[Collected data]
........

(* Let $f:\mathbb{R}^n\to\mathbb{R}$ be locally Lipschitz continuous at $\bar x$ with local Lipschitz modulus $0$, i.e. $\limsup_{x,x'\to\bar x,\,x\ne x'}|f(x)-f(x')|/\|x-x'\|=0$. Then $\mathrm{epi}\, f=\{(x,t):t\ge f(x)\}$ is smoothly approximately convex at $(\bar x,\bar s)$ for every $\bar s\ge f(\bar x)$.
   Context: A set $C\subseteq\mathbb{R}^N$ is smoothly approximately convex at $\bar z\in C$ if for every $\epsilon>0$ there is a neighborhood $W$ of $\bar z$ such that for all $z,z'\in C\cap W$ there is a map $\gamma:[0,1]\to C$, extending to a $\mathcal{C}^{(1)}$ map on an open neighborhood of $[0,1]$, with $\gamma(0)=z,\gamma(1)=z'$ and $\|\gamma'(t)-(z'-z)\|\le\epsilon\|z'-z\|$ for all $t\in[0,1]$. *)

From HB Require Import structures.
From mathcomp Require Import all_boot all_order all_algebra.
From mathcomp Require Import all_classical all_reals all_analysis.
Set Implicit Arguments. Unset Strict Implicit. Unset Printing Implicit Defensive.
Import Order.TTheory GRing.Theory Num.Theory.
Import numFieldNormedType.Exports.
Local Open Scope classical_set_scope.
Local Open Scope ring_scope.

Definition smoothly_approx_convex (R : realType) (V : normedModType R)
    (C : set V) (zbar : V) : Prop :=
  C zbar /\
  forall eps : R, 0 < eps ->
  exists W : set V, nbhs zbar W /\
  forall z z' : V, C z -> W z -> C z' -> W z' ->
  exists gamma : R -> V,
    (* gamma (restricted to [0,1]) extends to a C^1 map on an open nbhd U of [0,1] *)
    (exists U : set R, open U /\ `[0, 1]%classic `<=` U /\
        (forall t, U t -> derivable gamma t 1) /\
        (forall t, U t -> {for t, continuous (fun s => 'D_1 gamma s)})) /\
    (forall t, `[0, 1]%classic t -> C (gamma t)) /\
    gamma 0 = z /\ gamma 1 = z' /\
    (forall t, `[0, 1]%classic t -> `|'D_1 gamma t - (z' - z)| <= eps * `|z' - z|).

Definition lip_modulus_zero (R : realType) (n : nat)
    (f : 'rV[R]_n -> R) (xbar : 'rV[R]_n) : Prop :=
  forall e : R, 0 < e -> exists d : R, 0 < d /\
  forall x x' : 'rV[R]_n, `|x - xbar| < d -> `|x' - xbar| < d ->
    `|f x - f x'| <= e * `|x - x'|.

Definition epi (R : realType) (n : nat) (f : 'rV[R]_n -> R)
  : set ('rV[R]_n * R^o)%type :=
  [set p | f p.1 <= p.2].

From HB Require Import structures.
From mathcomp Require Import all_boot all_order all_algebra.
From mathcomp Require Import all_classical all_reals all_analysis.
From mathcomp Require Import lra.
Set Implicit Arguments. Unset Strict Implicit. Unset Printing Implicit Defensive.
Import Order.TTheory GRing.Theory Num.Theory.
Import numFieldNormedType.Exports.
Local Open Scope classical_set_scope.
Local Open Scope ring_scope.

(* Join z = (x, s) to z' = (x', s') in the epigraph by the segment lifted by the
   parabolic bump t (1 - t) (0, c), with c = eps |x' - x|.  Its velocity differs
   from z' - z by (1 - 2t) (0, c), of norm at most c <= eps |z' - z|.  Near xbar,
   f is (eps/2)-Lipschitz, so comparing f (x + t (x' - x)) with f x and f x'
   shows that f misses convexity along the segment by at most
   eps t (1 - t) |x' - x|, which is exactly what the bump absorbs. *)

Lemma is_deriveZl (R : realType) (U V : normedModType R) (g : U -> R) (w : V)
    (x v : U) (dg : R) :
  is_derive x v g dg -> is_derive x v (fun u => g u *: w) (dg *: w).
Proof.
move=> [dgx <-].
have quotE : (fun h : R => h^-1 *: (g (h *: v + x) *: w - g x *: w))
    = (fun h : R => (h^-1 *: (g (h *: v + x) - g x)) *: w).
  by apply/funext => h; rewrite -scalerBl scalerA.
have dZ : (fun h : R => h^-1 *: (g (h *: v + x) *: w - g x *: w)) @ 0^'
    --> 'D_v g x *: w.
  by rewrite quotE; apply: cvgZr_tmp; exact: dgx.
by apply: DeriveDef; [apply/cvg_ex; exists ('D_v g x *: w) | exact: cvg_lim].
Qed.

Section BumpedSegment.
Variables (R : realType) (V : normedModType R).

Definition bumped_segment (z w b : V) (t : R) : V := z + t *: w + (t * (1 - t)) *: b.

Global Instance is_derive_bumped_segment (z w b : V) (t : R) :
  is_derive t 1 (bumped_segment z w b) (w + (1 - t *+ 2) *: b).
Proof.
have dw := is_deriveZl w (is_derive_id t 1).
have dbump : is_derive t 1 (fun s : R => s * (1 - s)) (1 - t *+ 2).
  have := is_deriveM (is_derive_id t 1)
    (is_deriveB (is_derive_cst (1 : R) t 1) (is_derive_id t 1)).
  move=> /is_derive_eq; apply.
  by rewrite /= [_%:A]mulr1 -[t *: _]/(t * _) add0r mulrN1 addrC mulr2n opprD addrA.
have := is_deriveD (is_deriveD (is_derive_cst z t 1) dw) (is_deriveZl b dbump).
move=> /is_derive_eq; apply.
by rewrite add0r scale1r.
Qed.

Implicit Types (z w b : V) (t : R).

Lemma derivable_bumped_segment z w b t : derivable (bumped_segment z w b) t 1.
Proof. exact: ex_derive. Qed.

Lemma derive_bumped_segment z w b t :
  'D_1 (bumped_segment z w b) t = w + (1 - t *+ 2) *: b.
Proof. exact: derive_val. Qed.

Lemma continuous_derive_bumped_segment z w b :
  continuous (fun t => 'D_1 (bumped_segment z w b) t).
Proof.
move=> t; under eq_fun do rewrite derive_bumped_segment.
apply: cvgD; first exact: cvg_cst.
by apply: cvgZr_tmp; apply: cvgB; [exact: cvg_cst | exact: cvgMn].
Qed.

Lemma bumped_segment0 z w b : bumped_segment z w b 0 = z.
Proof. by rewrite /bumped_segment !scale0r mul0r scale0r !addr0. Qed.

Lemma bumped_segment1 z w b : bumped_segment z w b 1 = z + w.
Proof. by rewrite /bumped_segment subrr mulr0 scale0r addr0 scale1r. Qed.

Lemma norm_derive_bumped_segment_sub z w b t : 0 <= t <= 1 ->
  `|'D_1 (bumped_segment z w b) t - w| <= `|b|.
Proof.
move=> /andP[t0 t1]; rewrite derive_bumped_segment addrAC subrr add0r normrZ.
by rewrite ler_piMl // ler_norml; apply/andP; split; lra.
Qed.
End BumpedSegment.

Section LipschitzOnBall.
Variables (R : realType) (V : normedModType R) (f : V -> R) (c : V) (d e : R).
Hypothesis f_lip : forall y y' : V, `|y - c| < d -> `|y' - c| < d ->
  `|f y - f y'| <= e * `|y - y'|.

Lemma segment_in_ball (x x' : V) (t : R) :
  0 <= t <= 1 -> `|x - c| < d -> `|x' - c| < d -> `|x + t *: (x' - x) - c| < d.
Proof.
move=> /andP[t0 t1] xc x'c.
have -> : x + t *: (x' - x) - c = (1 - t) *: (x - c) + t *: (x' - c).
  by rewrite scalerBl scale1r [RHS]addrAC -[RHS]addrA -scalerBr opprB addrA subrK addrAC.
apply: le_lt_trans (ler_normD _ _) _.
rewrite !normrZ ger0_norm ?subr_ge0 // ger0_norm //.
set m := Num.max `|x - c| `|x' - c|.
have [mx mx'] : `|x - c| <= m /\ `|x' - c| <= m by rewrite !le_max !lexx orbT.
have : m < d by rewrite gt_max xc x'c.
nra.
Qed.

Lemma lipschitz_convexity_defect (x x' : V) (t : R) :
  0 <= t <= 1 -> `|x - c| < d -> `|x' - c| < d ->
  f (x + t *: (x' - x)) <= (1 - t) * f x + t * f x' + e *+ 2 * (t * (1 - t)) * `|x' - x|.
Proof.
move=> t01 xc x'c; have /andP[t0 t1] := t01.
set y := x + t *: (x' - x).
have yc := segment_in_ball t01 xc x'c.
have yx : `|y - x| = t * `|x' - x|.
  by rewrite /y addrAC subrr add0r normrZ ger0_norm.
have yx' : `|y - x'| = (1 - t) * `|x' - x|.
  by rewrite /y addrAC -opprB -scaleN1r -scalerDl normrZ addrC distrC ger0_norm ?subr_ge0.
have := ler_normlW (f_lip yc xc); have := ler_normlW (f_lip yc x'c).
rewrite yx yx'; nra.
Qed.

Lemma bumped_segment_in_epigraph (x x' : V) (s s' t : R) :
  0 <= t <= 1 -> `|x - c| < d -> `|x' - c| < d -> f x <= s -> f x' <= s' ->
  [set p : V * R^o | f p.1 <= p.2]
    (bumped_segment ((x, s) : V * R^o) ((x', s') - (x, s)) (0, e *+ 2 * `|x' - x|) t).
Proof.
move=> t01 xc x'c fxs fx's'; have /andP[t0 t1] := t01.
rewrite /= scaler0 addr0.
apply: le_trans (lipschitz_convexity_defect t01 xc x'c) _.
rewrite -[_ *: (s' - s)]/(t * (s' - s)) -[_ *: (e *+ 2 * _)]/(_ * (e *+ 2 * _)).
nra.
Qed.
End LipschitzOnBall.

Theorem proposition3p4 (R : realType) (n : nat) (f : 'rV[R]_n -> R)
  (xbar : 'rV[R]_n) :
  lip_modulus_zero f xbar ->
  forall sbar : R, f xbar <= sbar ->
  smoothly_approx_convex (epi f) ((xbar, sbar) : ('rV[R]_n * R^o)%type).
Proof.
move=> f_lip0 sbar fxbar; split=> // eps eps_gt0.
have [d [d_gt0 f_lip]] := f_lip0 (eps / 2) (divr_gt0 eps_gt0 (ltr0Sn _ 1)).
exists (ball (xbar, sbar) d); split; first exact: nbhsx_ballx.
move=> [x s] [x' s'] fxs [/= xW _] fx's' [/= x'W _].
rewrite -ball_normE /= distrC in xW; rewrite -ball_normE /= distrC in x'W.
exists (bumped_segment ((x, s) : 'rV[R]_n * R^o) ((x', s') - (x, s))
                       (0, eps / 2 *+ 2 * `|x' - x|)).
split; [|split; [|split; [|split]]].
- exists setT; split; [exact: openT | split=> //].
  split=> t _; [exact: derivable_bumped_segment | exact: continuous_derive_bumped_segment].
- by move=> t; rewrite in_itv => t01; apply: (bumped_segment_in_epigraph f_lip t01 xW x'W fxs fx's').
- exact: bumped_segment0.
- by rewrite bumped_segment1 addrC subrK.
move=> t; rewrite in_itv => t01.
apply: le_trans (norm_derive_bumped_segment_sub _ _ _ t01) _.
rewrite mulr2n -splitr !prod_normE /= normr0 normrM normr_id ger0_norm ?(ltW eps_gt0) //.
by rewrite ge_max mulr_ge0 ?(ltW eps_gt0) //= ler_wpM2l ?(ltW eps_gt0) // le_max lexx.
Qed.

........

Work request: Scan the records above for the lines holding "exists (ball (xbar, sbar)" and "move=> t; rewrite in_itv => t01.". Transcribe those two and every line between them word for word, and no others.

Response box:
exists (ball (xbar, sbar) d); split; first exact: nbhsx_ballx.
move=> [x s] [x' s'] fxs [/= xW _] fx's' [/= x'W _].
rewrite -ball_normE /= distrC in xW; rewrite -ball_normE /= distrC in x'W.
exists (bumped_segment ((x, s) : 'rV[R]_n * R^o) ((x', s') - (x, s))
                       (0, eps / 2 *+ 2 * `|x' - x|)).
split; [|split; [|split; [|split]]].
- exists setT; split; [exact: openT | split=> //].
  split=> t _; [exact: derivable_bumped_segment | exact: continuous_derive_bumped_segment].
- by move=> t; rewrite in_itv => t01; apply: (bumped_segment_in_epigraph f_lip t01 xW x'W fxs fx's').
- exact: bumped_segment0.
- by rewrite bumped_segment1 addrC subrK.
move=> t; rewrite in_itv => t01.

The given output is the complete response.